This will select a 5x5 library on the basis of diversity only.

From the LIBRARY ANALYSIS card select Restraints Calculate Penalties. Push the Calculate Penalty Function for Selected Rows button.

A report will be written to the text port, showing that the total cost of the library.

3.   Constraining the diverse library to reduce cost

Change the Optimize menu on the Rgroup Subsetting control panel from Only Diversity to Diversity-Penalty. Push the SELECT RGROUP FRAGMENTS button.

This will select a 5x5 library on the basis of diversity and reagent cost.

On the Calculate penalty control panel, push the Calculate Penalty Function for Selected Rows button.

The report in the text port shows that the cost of the library has been halved.

4.   Constraining the diverse library to reduce the total number of reagents

On the Reagent Penalties control panel, uncheck the Total Reagent cost checkbox and check the Number of Different Reagents box.
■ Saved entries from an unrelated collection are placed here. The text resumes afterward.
(* Let $n\ge 2$. Every equilibrium graph $G$ of $(1,1,\dots,1)$-BG (all $n$ budgets equal to $1$) in the SUM version has connected underlying graph $U(G)$, $U(G)$ has a unique cycle, this cycle has at most $5$ vertices, and every vertex is either on the cycle or adjacent in $U(G)$ to a vertex of the cycle.
   Context: Bounded budget network creation game $(b_1,\dots,b_n)$-BG: $n$ players with integer budgets $0\le b_i\le n-1$. A strategy of player $i$ is a set $S_i\subseteq\{1,\dots,n\}\setminus\{i\}$ with $|S_i|=b_i$; a profile is realized by the directed graph $G$ on $u_1,\dots,u_n$ with an arc $\overrightarrow{u_iu_j}$ iff $j\in S_i$. $U(G)$ is the undirected multigraph obtained by ignoring directions; if both $\overrightarrow{uv}$ and $\overrightarrow{vu}$ are arcs (a brace), $uv$ is a double edge of $U(G)$, regarded as a cycle with 2 vertices. $\operatorname{dist}(u,v)$ is the distance in $U(G)$, defined as $n^2$ between different components. SUM cost: $c_{SUM}(u)=\sum_v\operatorname{dist}(u,v)$. An equilibrium graph in the SUM version is a realization in which no vertex can decrease its SUM cost by changing its own strategy while the others are fixed. *)

(* (1,...,1)-BG: each player i buys exactly one arc i -> f i. *)
From mathcomp Require Import all_boot.
Set Implicit Arguments. Unset Strict Implicit. Unset Printing Implicit Defensive.

Section BG.
Variable n : nat.
Implicit Types (f : 'I_n -> 'I_n) (u v w i j : 'I_n).

Definition valid_profile f := forall i, f i != i.

Definition adjU f : rel 'I_n := fun u v => (f u == v) || (f v == u).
Change the Weight of this penalty to 10.

On the Diverse Library control panel, push the SELECT RGROUP FRAGMENTS button.

This will select a 5x5 library on the basis of diversity and total number of reagents used (since R1 and R2 are selected from the same list it is possible to use the same reagents at both positions).

On the Calculate Penalty control panel, push the Calculate Penalty Function for Selected Rows button.
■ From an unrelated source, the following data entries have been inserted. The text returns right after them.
Lemma sumA_transfer f a x t : sumA (transfer f (inl a) (inr x) t) = sumA f - t.
Proof.
rewrite /sumA /transfer big_split sumrB -!mulr_sumr.
have -> : \sum_(i < m) unitc (inr x : vert m n) (inl i) = 0 by rewrite big1.
have -> : \sum_(i < m) unitc (inl a : vert m n) (inl i) = 1.
  rewrite (bigD1 a) //= unitc_id big1 ?addr0 // => i ia.
  by rewrite /unitc (inj_eq inl_inj) (negbTE ia).
by rewrite /= mulr0 mulr1 addr0.
Qed.

Lemma witness_charge_step v f b : nonneg v -> v (inr b) = 0 -> witness v f ->
  (exists f', [/\ witness v f', degree f' = degree f & 1 <= f' (inr b)]) \/
  exists2 g, witness v g & degree g = degree f /\ sumA g < sumA f.
Proof.
move=> v_ge0 vb wf; have [f_ge0 vf_neff] := wf.
have [fb|] := boolP (1 <= f (inr b)); first by left; exists f.
rewrite -ltNge => fb; have {}fb : f (inr b) = 0 by have := f_ge0 (inr b); lia.
have [[b' lt_b']|f_le_v] := classic (exists b', v (inr b') < f (inr b')).
  left; eexists; split; first exact: witness_swap v_ge0 vb wf fb lt_b'.
    exact: degree_transfer.
  have bb' : b != b' by apply: contraTneq lt_b' => <-; rewrite vb fb ltxx.
  by rewrite /transfer unitc_id /unitc (inj_eq inr_inj) (negbTE bb') fb; lia.
right.
have [a fa] : exists a, 1 <= f (inl a).
  apply: NNPP => no_a; apply/vf_neff/nonneg_effective => -[i|j]; rewrite /csub subr_ge0.
    have := v_ge0 (inl i); have := f_ge0 (inl i).
    have : ~ 1 <= f (inl i) by move=> fi; apply: no_a; exists i.
    lia.
  by rewrite leNgt; apply/negP => lt; apply: f_le_v; exists j.
have [x vf'_neff] := not_effective_transfer a vf_neff.
exists (transfer f (inl a) (inr x) 1); first by split=> //; apply: transfer_ge0.
by rewrite degree_transfer sumA_transfer; split=> //; lia.
Qed.

Lemma witness_charging v f b : nonneg v -> v (inr b) = 0 -> witness v f ->
  exists f', [/\ witness v f', degree f' = degree f & 1 <= f' (inr b)].
Proof.
move=> v_ge0 vb.
have [k] : exists k : nat, sumA f < k%:Z.
  by exists (absz (sumA f)).+1; have := ler_norm (sumA f); lia.
elim: k f => [|k IH] f fk wf.
  by have : 0 <= sumA f := sumr_ge0 _ (fun i _ => wf.1 (inl i)); lia.
have [//|[g wg [<- gf]]] := witness_charge_step v_ge0 vb wf.
by apply: IH wg; lia.
Qed.

End Witness.

Lemma rank_eq m n (u : config m n) r : rank_spec u r -> rank u = r.
Proof.
have spec_uniq r1 r2 : rank_spec u r1 -> rank_spec u r2 -> r1 = r2.
  move=> [[f1 [f1_ge0 [neff1 e1]]] min1] [[f2 [f2_ge0 [neff2 e2]]] min2].
  by have := min1 f2 f2_ge0 neff2; have := min2 f1 f1_ge0 neff1; lia.
by move=> ur; apply: (spec_uniq _ _ _ ur); apply: epsilon_spec; exists r.
Qed.

Section Procedure.
Variables (m n : nat) (hm : (0 < m)%N) (hn : (0 < n)%N).
Implicit Types (u v f : config m n) (idx : nat -> 'I_n).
A total of only 5 reagents are now being used.

5.   Fixing some reagents in the design library.

On the Diverse Library control panel, push the Fix Fragments in Rgroups... button.

This brings up the Fix Fragments control panel, which allows some reagents to be fixed in the design library. The selection methods will augment this selection to best satisfy the diversity and penalty function.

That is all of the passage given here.